Alumnos que estudian y trabajan
Cerca de 30 niños entran en la furgoneta blanca para iniciar un recorrido de unos 40 minutos para llegar al colegio. Alan Franco, director general de la Fundación, sigue con su camioneta al transporte escolar: “Lo que queremos es darles la oportunidad de decidir si quieren seguir los pasos de sus papás y sus abuelos u optar por otra opción. Es fundamental que salgan de la dinámica del basurero para aprender en el salón”, cuenta mientras maneja.
El proyecto Escalerillas tiene cuatro años. Al inicio se acercaron tres niños. Hoy en día hay 255. Pero no todos van con regularidad. Según cuenta Franco, la pandemia y el hambre han hecho que muchos chicos, como Rocío, alternen entre la pepena y las clases.
Los chicos, que van de los seis hasta los 17 años, comienzan a entrar al colegio uno por uno. La escuela es un pequeño edificio de dos plantas color turquesa. Fue rehabilitado hace poco por la Embajada de Turquía, uno de los donadores de la FAE. Del otro lado de la calle, hay un muro azul con un anuncio descolorido de un programa de la Secretaría de Educación Pública en donde aún se alcanza a leer: “Termina tu primaria”. Mientras que en el resto del país se debate si el regreso a clases debe ser presencial o a distancia, los chicos de Escalerillas nunca pararon —no hubo vacaciones como tal y el curso continuó como un campamento de verano—.
Durante los primeros meses de la pandemia, los niños tuvieron clases a un lado del basurero. Era la única manera de evitar que se interrumpiera el programa y que las familias tiraran la toalla. Sin servicios básicos en casa, la educación a distancia nunca fue una opción. Además, fue la manera más práctica para que sus padres los dejasen antes de comenzar el tiro.
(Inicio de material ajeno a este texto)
(* Let $n\geq 3$ and let $F=\sigma_{n-1}$ be the $(n-1)$-th elementary symmetric function on $\mathbb{R}^n$. For every constant $B>0$ there exists a constant $K_0\geq 1$, depending only on $n$ and $B$, with the following property. Let $\lambda=(\lambda_1,\dots,\lambda_n)\in\Gamma_{n-1}$ satisfy $F(\lambda)\leq B$ and $$\lambda_1=\cdots=\lambda_m>\lambda_{m+1}\geq\cdots\geq\lambda_n$$ for some $1\le m\le n$. If $\lambda_n<-K_0$, then $$-\sum_{p\neq q}F^{pp,qq}\xi_p\xi_q+\frac{\left(\sum_i F^{ii}\xi_i\right)^2}{F}+2\sum_{i>m}\frac{F^{ii}\xi_i^2}{\lambda_1-\lambda_i}-\frac{F^{11}\xi_1^2}{\lambda_1}\geq 0$$ for every vector $\xi=(\xi_1,\dots,\xi_n)\in\mathbb{R}^n$ satisfying $\xi_i=0$ for all $1<i\leq m$. Here $F$, $F^{ii}$, $F^{pp,qq}$ are evaluated at $\lambda$.
   Context: $\sigma_k(\lambda)$ denotes the $k$-th elementary symmetric function of $\lambda\in\mathbb{R}^n$ (with $\sigma_0=1$). Gårding's cone is $\Gamma_k=\{\lambda\in\mathbb{R}^n:\sigma_j(\lambda)>0,\ 1\le j\le k\}$. For $\lambda\in\mathbb{R}^n$, $(\lambda|i)$ denotes the vector in $\mathbb{R}^{n-1}$ obtained by deleting the $i$-th component, and $(\lambda|ij)$ the vector obtained by deleting the $i$-th and $j$-th components. Then $F^{ii}=\frac{\partial \sigma_{n-1}}{\partial\lambda_i}(\lambda)=\sigma_{n-2}(\lambda|i)$ and, for $p\neq q$, $F^{pp,qq}=\frac{\partial^2\sigma_{n-1}}{\partial\lambda_p\partial\lambda_q}(\lambda)=\sigma_{n-3}(\lambda|pq)$. The paper states the dependence of $K_0$ as ''depending only on $n$ and $\max F$'', i.e. on an upper bound for $F(\lambda)$. *)

From HB Require Import structures.
From mathcomp Require Import all_boot all_order all_algebra.
From mathcomp Require Import reals.
Set Implicit Arguments. Unset Strict Implicit. Unset Printing Implicit Defensive.
Import Order.TTheory GRing.Theory Num.Theory.
Local Open Scope ring_scope.

Section Defs.
Variables (R : realType) (n : nat).

Definition sigma_del (k : nat) (S : {set 'I_n}) (lam : 'I_n -> R) : R :=
  \sum_(A : {set 'I_n} | (#|A| == k) && [disjoint A & S]) \prod_(i in A) lam i.

Definition sigma (k : nat) (lam : 'I_n -> R) : R := sigma_del k set0 lam.

Definition Gamma (k : nat) (lam : 'I_n -> R) : Prop :=
  forall j : nat, (1 <= j <= k)%N -> 0 < sigma j lam.

Definition Fii (lam : 'I_n -> R) (i : 'I_n) : R := sigma_del (n - 2) [set i] lam.

Definition Fpq (lam : 'I_n -> R) (p q : 'I_n) : R :=
  sigma_del (n - 3) [set p; q] lam.

(* the k-th component (0-based) of a vector; 0 if out of range *)
Definition comp_at (v : 'I_n -> R) (k : nat) : R :=
  if (insub k : option 'I_n) is Some i then v i else 0.

End Defs.

From HB Require Import structures.
From mathcomp Require Import all_boot all_order all_algebra.
From mathcomp Require Import reals.
From mathcomp Require Import zify ring lra.
Import Order.TTheory GRing.Theory Num.Theory.
Local Open Scope ring_scope.
Set Implicit Arguments. Unset Strict Implicit. Unset Printing Implicit Defensive.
Dos historias que representan a la comunidad
Dentro del colegio hay un patio con un avioncito dibujado en el suelo de cemento. Del lado izquierdo está la cafetería y del derecho tres aulas. Al fondo está la oficina del profesor Miguel Ángel Bravo, que trabaja como jefe del proyecto, profesor y chofer del transporte escolar. Su mayor ilusión sería que un exalumno visite la escuela con un trabajo fuera de Escalerillas, pero también es realista: “Cuando el hambre entra por la puerta, cosas como la educación dejan de ser primordiales”.
Cada alumno es una historia diferente. Es difícil seleccionar una sobre otra porque todas resumen la lucha diaria de los menores de la comunidad por recibir una educación. Eduardo, por ejemplo, tiene 17 años y ha cumplido su primer año en el colegio. Cuando habla muestra sus manos, llenas de ampollas y costras. Si tiene tiempo, ayuda a su mamá a buscar cosas entre la basura para vivir. Contarlo no es fácil para él y por momentos se interrumpe para suspirar. Junto con Rocío, es de los más grandes en edad en el plantel. Y desde hace poco estudia con unas tabletas que le fueron donadas a la Fundación.
Es mediodía. Ya casi es hora del descanso. Perla, la hermanita de nueve años de Rocío, se sienta un momento en la oficina del director. Es toda sonrisa. Su gorro color azul cubre su cabello negro que apenas se le nota sobre las orejas. Le gusta ser entrevistada, pero le molesta haber interrumpido la clase de matemáticas, su favorita. Ella ya lo tiene todo resuelto: “Quiero ser contadora pública”.